2015-04-26 23:00:00 5704.27388916015661380
2015-04-27 00:00:00 4470.30868326822928793
2015-04-27 01:00:00 4552.57241617838553793
2015-04-27 02:00:00 4570.22250032825650123
2015-04-27 03:00:00 NA
2015-04-27 04:00:00 NA
2015-04-27 05:00:00 NA
2015-04-27 06:00:00 12697.37724086216439900
2015-04-27 07:00:00 5538.71119009653739340
2015-04-27 08:00:00 81.95060647328695325
2015-04-27 09:00:00 8550.65816895300667966
2015-04-27 10:00:00 2925.76573206583680076
How should I handle Continous NA values.
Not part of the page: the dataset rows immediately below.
Section LiftSets.
Variables (l : nat) (p : 'I_l.+1).
Implicit Types (T : {set 'I_l}) (i j : 'I_l).

Lemma ltn_lift i j : (lift p i < lift p j)%N = (i < j)%N.
Proof. by rewrite /= /bump; case: (leqP p i); case: (leqP p j) => /=; lia. Qed.

Lemma ltn_pivot_lift j : (p < lift p j)%N = (p <= j)%N.
Proof. by rewrite /= /bump; case: leqP => /=; lia. Qed.

Lemma mem_imset_lift T j : (lift p j \in lift p @: T) = (j \in T).
Proof. exact: mem_imset (@lift_inj _ p). Qed.

Lemma notin_imset_lift T : p \notin lift p @: T.
Proof. by apply/imsetP => -[j _ /eqP]; rewrite (negPf (neq_lift p j)). Qed.

Lemma preimset_imset_lift T : lift p @^-1: (lift p @: T) = T.
Proof. by apply/setP => j; rewrite inE mem_imset_lift. Qed.

Lemma preimset_liftU1 T : lift p @^-1: (p |: lift p @: T) = T.
Proof. by apply/setP => j; rewrite !inE mem_imset_lift eq_sym (negPf (neq_lift p j)). Qed.

Lemma card_imset_lift T : #|lift p @: T| = #|T|.
Proof. exact: card_imset (@lift_inj _ p). Qed.

Lemma card_liftU1 T : #|p |: lift p @: T| = #|T|.+1.
Proof. by rewrite cardsU1 notin_imset_lift card_imset_lift. Qed.

Lemma imset_liftD1 T j : lift p @: (T :\ j) = (lift p @: T) :\ lift p j.
Proof.
apply/setP => k; case: (unliftP p k) => [k' ->|->].
  by rewrite in_setD1 !mem_imset_lift in_setD1 (inj_eq (@lift_inj _ p)).
by rewrite in_setD1 !(negPf (notin_imset_lift _)) andbF.
Qed.

Lemma nbelow_imset_lift T j : nbelow (lift p @: T) (lift p j) = nbelow T j.
Proof.
rewrite /nbelow -[RHS](card_imset _ (@lift_inj _ p)); apply: eq_card => k.
case: (unliftP p k) => [k' ->|->]; first by rewrite !inE !mem_imset_lift inE ltn_lift.
by rewrite inE !(negPf (notin_imset_lift _)).
Qed.

Lemma nbelow_liftU1 T j : nbelow (p |: lift p @: T) (lift p j) = (nbelow T j + (p <= j))%N.
Proof. by rewrite nbelowU1 ?notin_imset_lift // ltn_pivot_lift nbelow_imset_lift addnC. Qed.

Lemma set_lift_ind (Q : {set 'I_l.+1} -> Prop) :
  (forall T, Q (lift p @: T)) -> (forall T, Q (p |: lift p @: T)) -> forall S, Q S.
Proof.
move=> Q0 Q1 S; suff -> : S = if p \in S then p |: lift p @: (lift p @^-1: S)
                              else lift p @: (lift p @^-1: S) by case: ifP.
apply/setP => k; case: (unliftP p k) => [k' ->|->].
  by case: ifP; rewrite ?inE mem_imset_lift inE // eq_sym (negPf (neq_lift p k')).
by case: ifP => pS; rewrite ?setU11 ?(negPf (notin_imset_lift _)) ?pS.
Qed.

Section Glue.
Variables (V : Type) (f0 f1 : {set 'I_l} -> V).

Definition glue (S : {set 'I_l.+1}) : V :=
  if p \in S then f1 (lift p @^-1: S) else f0 (lift p @^-1: S).

Lemma glue_imset T : glue (lift p @: T) = f0 T.
Proof. by rewrite /glue (negPf (notin_imset_lift _)) preimset_imset_lift. Qed.

Lemma glue_liftU1 T : glue (p |: lift p @: T) = f1 T.
Proof. by rewrite /glue setU11 preimset_liftU1. Qed.

End Glue.

Variables (R : comPzRingType) (V : zmodType) (act : R -> V -> V) (x : 'I_l.+1 -> R).
Implicit Type phi : {set 'I_l.+1} -> V.

Lemma koszul_d_imset_lift phi T :
  koszul_d act x phi (lift p @: T) =
  koszul_d act (fun i => x (lift p i)) (fun U => phi (lift p @: U)) T.
Proof.
rewrite !koszul_dE big_imset /=; last exact: in2W (@lift_inj _ p).
by apply: eq_bigr => j _; rewrite nbelow_imset_lift imset_liftD1.
Qed.

Lemma koszul_d_liftU1 phi T :
  koszul_d act x phi (p |: lift p @: T) =
  signv (nbelow (lift p @: T) p) (act (x p) (phi (lift p @: T))) +
  \sum_(j in T) signv (nbelow T j + (p <= j))
                  (act (x (lift p j)) (phi (p |: lift p @: (T :\ j)))).
Proof.
rewrite koszul_dE big_setU1 ?notin_imset_lift //= nbelowU1_self setU1K ?notin_imset_lift //.
rewrite big_imset /=; last exact: in2W (@lift_inj _ p).
congr (_ + _); apply: eq_bigr => j _.
by rewrite nbelow_liftU1 setU1D1 ?neq_lift // imset_liftD1.
Qed.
In cases where I have only one NA, I use to take the average of extreme values of NA entry. Are there any standard approaches to deal with continuous missing values?
The zoo
package has several functions for dealing with NA
values. One of the following functions might suit your needs:
na.locf
: Last observation carried forward. Using the parameterfromLast = TRUE
corresponds to next observation carried backward (NOCB).na.aggregate
: Replace theNA
's with some aggregated value. The default aggregation function is themean
, but you can specify other functions as well. See?na.aggregate
for more info.na.approx
:NA
's are replaced with linear interpolated values.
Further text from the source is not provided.